In the Oceaneer Club, children ages 3 to 12 can play with their favorite characters and reenact their favorite movies from the Disney universe. The Oceaneer Lab is a STEAM dream, with plenty to push children’s imaginations as they learn. These Oceaneer spaces received upgrades during the ship’s 2015 dry dock.
Edge Tween Club, for kids ages 11 to 14, offers fun with all the latest tech your tweens know and love.
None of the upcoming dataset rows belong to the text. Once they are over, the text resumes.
(* Let $\Omega_H$ be the infinite hexagonal lattice graph (the infinite 3-regular honeycomb lattice, whose faces are hexagons). Then $\chi_{td}(\Omega_H) = 7$.
   Context: For a (possibly infinite) simple graph $G$ and a positive integer $k$, a proper $k$-total difference labeling of $G$ is a function $f: V(G)\to\{1,\dots,k\}$, extended to edges by $f(\{u,v\}) = |f(u)-f(v)|$, such that: (i) adjacent vertices receive different labels; (ii) two distinct edges sharing a vertex receive different labels; (iii) no edge receives the same label as either of its endpoints. $\chi_{td}(G)$ denotes the smallest $k$ for which $G$ has a proper $k$-total difference labeling. *)

From Stdlib Require Import ZArith Lia.
Open Scope Z_scope.

Record graph := Graph {
  gV : Type;
  gadj : gV -> gV -> Prop;
  gadj_sym : forall u v, gadj u v -> gadj v u;
  gadj_irrefl : forall v, ~ gadj v v
}.

Definition edge_label {V : Type} (f : V -> Z) (u v : V) : Z := Z.abs (f u - f v).

Definition proper_td_labeling (G : graph) (k : Z) (f : gV G -> Z) : Prop :=
  (forall v, 1 <= f v <= k) /\
  (forall u v, gadj G u v -> f u <> f v) /\
  (forall u v w, gadj G u v -> gadj G u w -> v <> w ->
       edge_label f u v <> edge_label f u w) /\
  (forall u v, gadj G u v -> edge_label f u v <> f u /\ edge_label f u v <> f v).

Definition has_td_labeling (G : graph) (k : Z) : Prop :=
  exists f, proper_td_labeling G k f.

Definition chi_td_eq (G : graph) (k : Z) : Prop :=
  1 <= k /\ has_td_labeling G k /\
  forall k', 1 <= k' -> has_td_labeling G k' -> k <= k'.

(* The infinite hexagonal (honeycomb) lattice in its "brick wall" embedding:
   vertices Z x Z, horizontal edges (x,y)-(x+1,y) always, vertical edges
   (x,y)-(x,y+1) exactly when x+y is even. Every vertex has degree 3 and
   all faces are hexagons. *)
Definition hex_adj (p q : Z * Z) : Prop :=
  let (x1, y1) := p in let (x2, y2) := q in
  (y1 = y2 /\ Z.abs (x1 - x2) = 1) \/
  (x1 = x2 /\ Z.abs (y1 - y2) = 1 /\ Z.even (x1 + Z.min y1 y2) = true).

Lemma hex_adj_sym : forall p q, hex_adj p q -> hex_adj q p.
Proof.
  intros [x1 y1] [x2 y2]; unfold hex_adj; intros [[H1 H2]|[H1 [H2 H3]]].
  - left; split; [congruence|]. rewrite <- H2; rewrite <- Z.abs_opp; f_equal; ring.
  - right; split; [congruence|]. split; [rewrite <- H2; rewrite <- Z.abs_opp; f_equal; ring|].
    subst x2; rewrite Z.min_comm; exact H3.
Qed.

Lemma hex_adj_irrefl : forall p, ~ hex_adj p p.
Proof.
  intros [x y]; unfold hex_adj; intros [[_ H]|[_ [H _]]];
  rewrite Z.sub_diag in H; discriminate.
Qed.

Definition Omega_H : graph := Graph (Z * Z) hex_adj hex_adj_sym hex_adj_irrefl.

From Stdlib Require Import ZArith Lia List Bool.
Import ListNotations.
Open Scope Z_scope.

(* On a cubic graph, properness of a labeling is a condition on each vertex
   label together with the labels of its three neighbours.  With labels in
   {1,...,6}, repeatedly discarding every label that cannot be surrounded by
   three remaining labels removes 3, then 2, then 5, then 1, 4 and 6: no
   vertex can be labelled at all.  Conversely, on the brick-wall honeycomb the
   rows labelled periodically 1 3 2 7 and 5 7 6 4 (alternating with the row
   parity) form a proper 7-labeling. *)

Definition star_ok (c a b d : Z) : bool :=
  let ea := Z.abs (c - a) in let eb := Z.abs (c - b) in let ed := Z.abs (c - d) in
  negb ((c =? a) || (c =? b) || (c =? d) ||
        (ea =? c) || (ea =? a) || (eb =? c) || (eb =? b) || (ed =? c) || (ed =? d) ||
        (ea =? eb) || (ea =? ed) || (eb =? ed)).

Lemma star_ok_iff c a b d :
  star_ok c a b d = true <->
  c <> a /\ c <> b /\ c <> d /\
  Z.abs (c - a) <> c /\ Z.abs (c - a) <> a /\
  Z.abs (c - b) <> c /\ Z.abs (c - b) <> b /\
  Z.abs (c - d) <> c /\ Z.abs (c - d) <> d /\
  Z.abs (c - a) <> Z.abs (c - b) /\ Z.abs (c - a) <> Z.abs (c - d) /\
  Z.abs (c - b) <> Z.abs (c - d).
Proof.
  unfold star_ok; cbv zeta.
  rewrite negb_true_iff, !orb_false_iff, !Z.eqb_neq; tauto.
Qed.

Definition supported (S : list Z) (c : Z) : bool :=
  existsb (fun a => existsb (fun b => existsb (star_ok c a b) S) S) S.

Definition prune (S : list Z) : list Z := filter (supported S) S.

Lemma In_prune S c a b d :
  In c S -> In a S -> In b S -> In d S -> star_ok c a b d = true -> In c (prune S).
Proof.
  intros Hc Ha Hb Hd Hstar; apply filter_In; split; [exact Hc|].
  apply existsb_exists; exists a; split; [exact Ha|].
  apply existsb_exists; exists b; split; [exact Hb|].
  apply existsb_exists; exists d; auto.
Qed.

Lemma prune_1to6_empty : Nat.iter 4 prune [1; 2; 3; 4; 5; 6] = [].
Proof. reflexivity. Qed.

Section CubicGraph.

Variables (G : graph) (nb1 nb2 nb3 : gV G -> gV G).
Hypothesis adj_iff : forall u v, gadj G u v <-> v = nb1 u \/ v = nb2 u \/ v = nb3 u.
Hypothesis nb_distinct : forall u, nb1 u <> nb2 u /\ nb1 u <> nb3 u /\ nb2 u <> nb3 u.

Definition star_at (f : gV G -> Z) (u : gV G) : bool :=
  star_ok (f u) (f (nb1 u)) (f (nb2 u)) (f (nb3 u)).

Lemma proper_td_labeling_iff_star k f :
  proper_td_labeling G k f <->
  (forall v, 1 <= f v <= k) /\ forall u, star_at f u = true.
Proof.
  unfold proper_td_labeling, star_at, edge_label; split.
  - intros [Hrange [Hvert [Hedge Hend]]]; split; [exact Hrange|]; intro u.
    assert (A1 : gadj G u (nb1 u)) by (apply adj_iff; auto).
    assert (A2 : gadj G u (nb2 u)) by (apply adj_iff; auto).
    assert (A3 : gadj G u (nb3 u)) by (apply adj_iff; auto).
    destruct (nb_distinct u) as [D12 [D13 D23]].
    pose proof (Hvert _ _ A1); pose proof (Hvert _ _ A2); pose proof (Hvert _ _ A3).
    pose proof (Hend _ _ A1); pose proof (Hend _ _ A2); pose proof (Hend _ _ A3).
    pose proof (Hedge _ _ _ A1 A2 D12); pose proof (Hedge _ _ _ A1 A3 D13).
    pose proof (Hedge _ _ _ A2 A3 D23).
    apply star_ok_iff; tauto.
  - intros [Hrange Hstar]; split; [exact Hrange|].
    split; [|split].
    + intros u v Hv; apply adj_iff in Hv; specialize (Hstar u); apply star_ok_iff in Hstar.
      destruct Hv as [-> | [-> | ->]]; tauto.
    + intros u v w Hv Hw Hvw; apply adj_iff in Hv; apply adj_iff in Hw.
      specialize (Hstar u); apply star_ok_iff in Hstar.
      destruct Hv as [-> | [-> | ->]]; destruct Hw as [-> | [-> | ->]];
        solve [contradiction Hvw; reflexivity | tauto | intro E; symmetry in E; tauto].
    + intros u v Hv; apply adj_iff in Hv; specialize (Hstar u); apply star_ok_iff in Hstar.
      destruct Hv as [-> | [-> | ->]]; tauto.
Qed.

Lemma labels_in_prune f S :
  (forall u, star_at f u = true) -> (forall u, In (f u) S) -> forall u, In (f u) (prune S).
Proof. intros Hstar HS u; exact (In_prune S _ _ _ _ (HS _) (HS _) (HS _) (HS _) (Hstar u)). Qed.

Lemma no_td_labeling_le_6 (v0 : gV G) k : k <= 6 -> ~ has_td_labeling G k.
Proof.
  intros Hk [f Hf]; apply proper_td_labeling_iff_star in Hf as [Hrange Hstar].
  assert (H1to6 : forall u, In (f u) [1; 2; 3; 4; 5; 6]).
  { intro u; specialize (Hrange u); simpl.
    assert (1 = f u \/ 2 = f u \/ 3 = f u \/ 4 = f u \/ 5 = f u \/ 6 = f u) by lia.
    tauto. }
  assert (Hiter : forall n u, In (f u) (Nat.iter n prune [1; 2; 3; 4; 5; 6])).
  { induction n; [exact H1to6|]; exact (labels_in_prune f _ Hstar IHn). }
  specialize (Hiter 4%nat v0); rewrite prune_1to6_empty in Hiter; exact Hiter.
Qed.

End CubicGraph.

Definition hex_right '(x, y) : Z * Z := (x + 1, y).
Definition hex_left '(x, y) : Z * Z := (x - 1, y).
Definition hex_vert '(x, y) : Z * Z := (x, if Z.even (x + y) then y + 1 else y - 1).

Lemma hex_adj_iff p q :
  hex_adj p q <-> q = hex_right p \/ q = hex_left p \/ q = hex_vert p.
Proof.
  destruct p as [x y], q as [x2 y2]; unfold hex_adj; simpl.
  assert (Hpred : Z.even (x + (y - 1)) = negb (Z.even (x + y))).
  { replace (x + (y - 1)) with (Z.pred (x + y)) by lia.
    rewrite Z.even_pred, <- Z.negb_even; reflexivity. }
  split.
  - intros [[-> Hx] | [-> [Hy Heven]]].
    + destruct (Z.abs_spec (x - x2)) as [[_ E] | [_ E]];
        [right; left | left]; f_equal; lia.
    + right; right; destruct (Z.abs_spec (y - y2)) as [[_ E] | [_ E]].
      * replace y2 with (y - 1) in * by lia; rewrite Z.min_r, Hpred in Heven by lia.
        apply negb_true_iff in Heven; rewrite Heven; reflexivity.
      * replace y2 with (y + 1) in * by lia; rewrite Z.min_l in Heven by lia.
        rewrite Heven; reflexivity.
  - intros [E | [E | E]]; injection E as -> ->.
    + left; split; [reflexivity | replace (x - (x + 1)) with (-1) by lia; reflexivity].
    + left; split; [reflexivity | replace (x - (x - 1)) with 1 by lia; reflexivity].
    + right; split; [reflexivity|]; destruct (Z.even (x + y)) eqn:Heven.
      * rewrite Z.min_l by lia; split; [replace (y - (y + 1)) with (-1) by lia|]; auto.
      * rewrite Z.min_r, Hpred by lia.
        split; [replace (y - (y - 1)) with 1 by lia|]; auto.
Qed.

Lemma hex_nb_distinct p :
  hex_right p <> hex_left p /\ hex_right p <> hex_vert p /\ hex_left p <> hex_vert p.
Proof. destruct p as [x y]; simpl; repeat split; intro E; injection E; lia. Qed.

Definition brick_tile (i j : Z) : Z :=
  match j, i with
  | 0, 0 => 1 | 0, 1 => 3 | 0, 2 => 2 | 0, _ => 7
  | _, 0 => 5 | _, 1 => 7 | _, 2 => 6 | _, _ => 4
  end.

Definition hex_label7 '(x, y) : Z := brick_tile (x mod 4) (y mod 2).

Lemma brick_tile_range i j : 1 <= brick_tile i j <= 7.
Proof.
  unfold brick_tile.
  repeat match goal with |- context [match ?t with _ => _ end] => destruct t end; lia.
Qed.

Lemma brick_tile_star i j : 0 <= i < 4 -> 0 <= j < 2 ->
  star_ok (brick_tile i j) (brick_tile ((i + 1) mod 4) j)
          (brick_tile ((i + 3) mod 4) j) (brick_tile i ((j + 1) mod 2)) = true.
Proof.
  intros Hi Hj.
  assert (i = 0 \/ i = 1 \/ i = 2 \/ i = 3) as [-> | [-> | [-> | ->]]] by lia;
  assert (j = 0 \/ j = 1) as [-> | ->] by lia; reflexivity.
Qed.

(* The vertical neighbour lies in the row of the other parity, whichever way it goes. *)
Lemma hex_label7_star p :
  star_at Omega_H hex_right hex_left hex_vert hex_label7 p = true.
Proof.
  destruct p as [x y]; unfold star_at; simpl.
  replace ((x + 1) mod 4) with ((x mod 4 + 1) mod 4)
    by (Z.to_euclidean_division_equations; lia).
  replace ((x - 1) mod 4) with ((x mod 4 + 3) mod 4)
    by (Z.to_euclidean_division_equations; lia).
  replace ((if Z.even (x + y) then y + 1 else y - 1) mod 2) with ((y mod 2 + 1) mod 2)
    by (destruct (Z.even (x + y)); Z.to_euclidean_division_equations; lia).
  apply brick_tile_star; apply Z.mod_pos_bound; lia.
Qed.

Theorem mainTheorem3 : chi_td_eq Omega_H 7%Z.
Proof.
  pose proof (proper_td_labeling_iff_star Omega_H hex_right hex_left hex_vert
                hex_adj_iff hex_nb_distinct) as Hstar_iff.
  split; [lia | split].
  - exists hex_label7; apply Hstar_iff; split.
    + intros [x y]; apply brick_tile_range.
    + exact hex_label7_star.
  - intros k _ Hk; apply Z.nlt_ge; intro Hlt.
    exact (no_td_labeling_le_6 Omega_H hex_right hex_left hex_vert
             hex_adj_iff hex_nb_distinct (0, 0) k ltac:(lia) Hk).
Qed.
Vibe carries that fun further, with gaming systems, video cameras and more at visitors’ disposal. Vibe also offers a private, teens-only sun deck with small water features, though no actual pool.
Disney Dream Itineraries
Think that a Disney Dream cruise might just be your family’s perfect fit? See what upcoming itineraries are ready to sweep you away to the cruise destinations of your dreams.
Disney Dream received some new changes and upgrades in October 2015, over the course of a three-week dry dock. This allowed for upgrades to the children’s areas and dining options, as well as upgrades to adults-only areas.
Disney Dream is quite a bit bigger than the Disney cruise ships that launched in the 1990s. Disney Dream measures in at 130,000 GT; a length of 1,115 feet; and 14 passenger decks. The ship can hold 4,000 guests and 1,458 crew members across 1,250 staterooms.
There is one traditional water slide on Disney Dream, but it’s intended only for kids. However, there is the AquaDuck, which is a water roller coaster, which offers similar thrills as a water slide.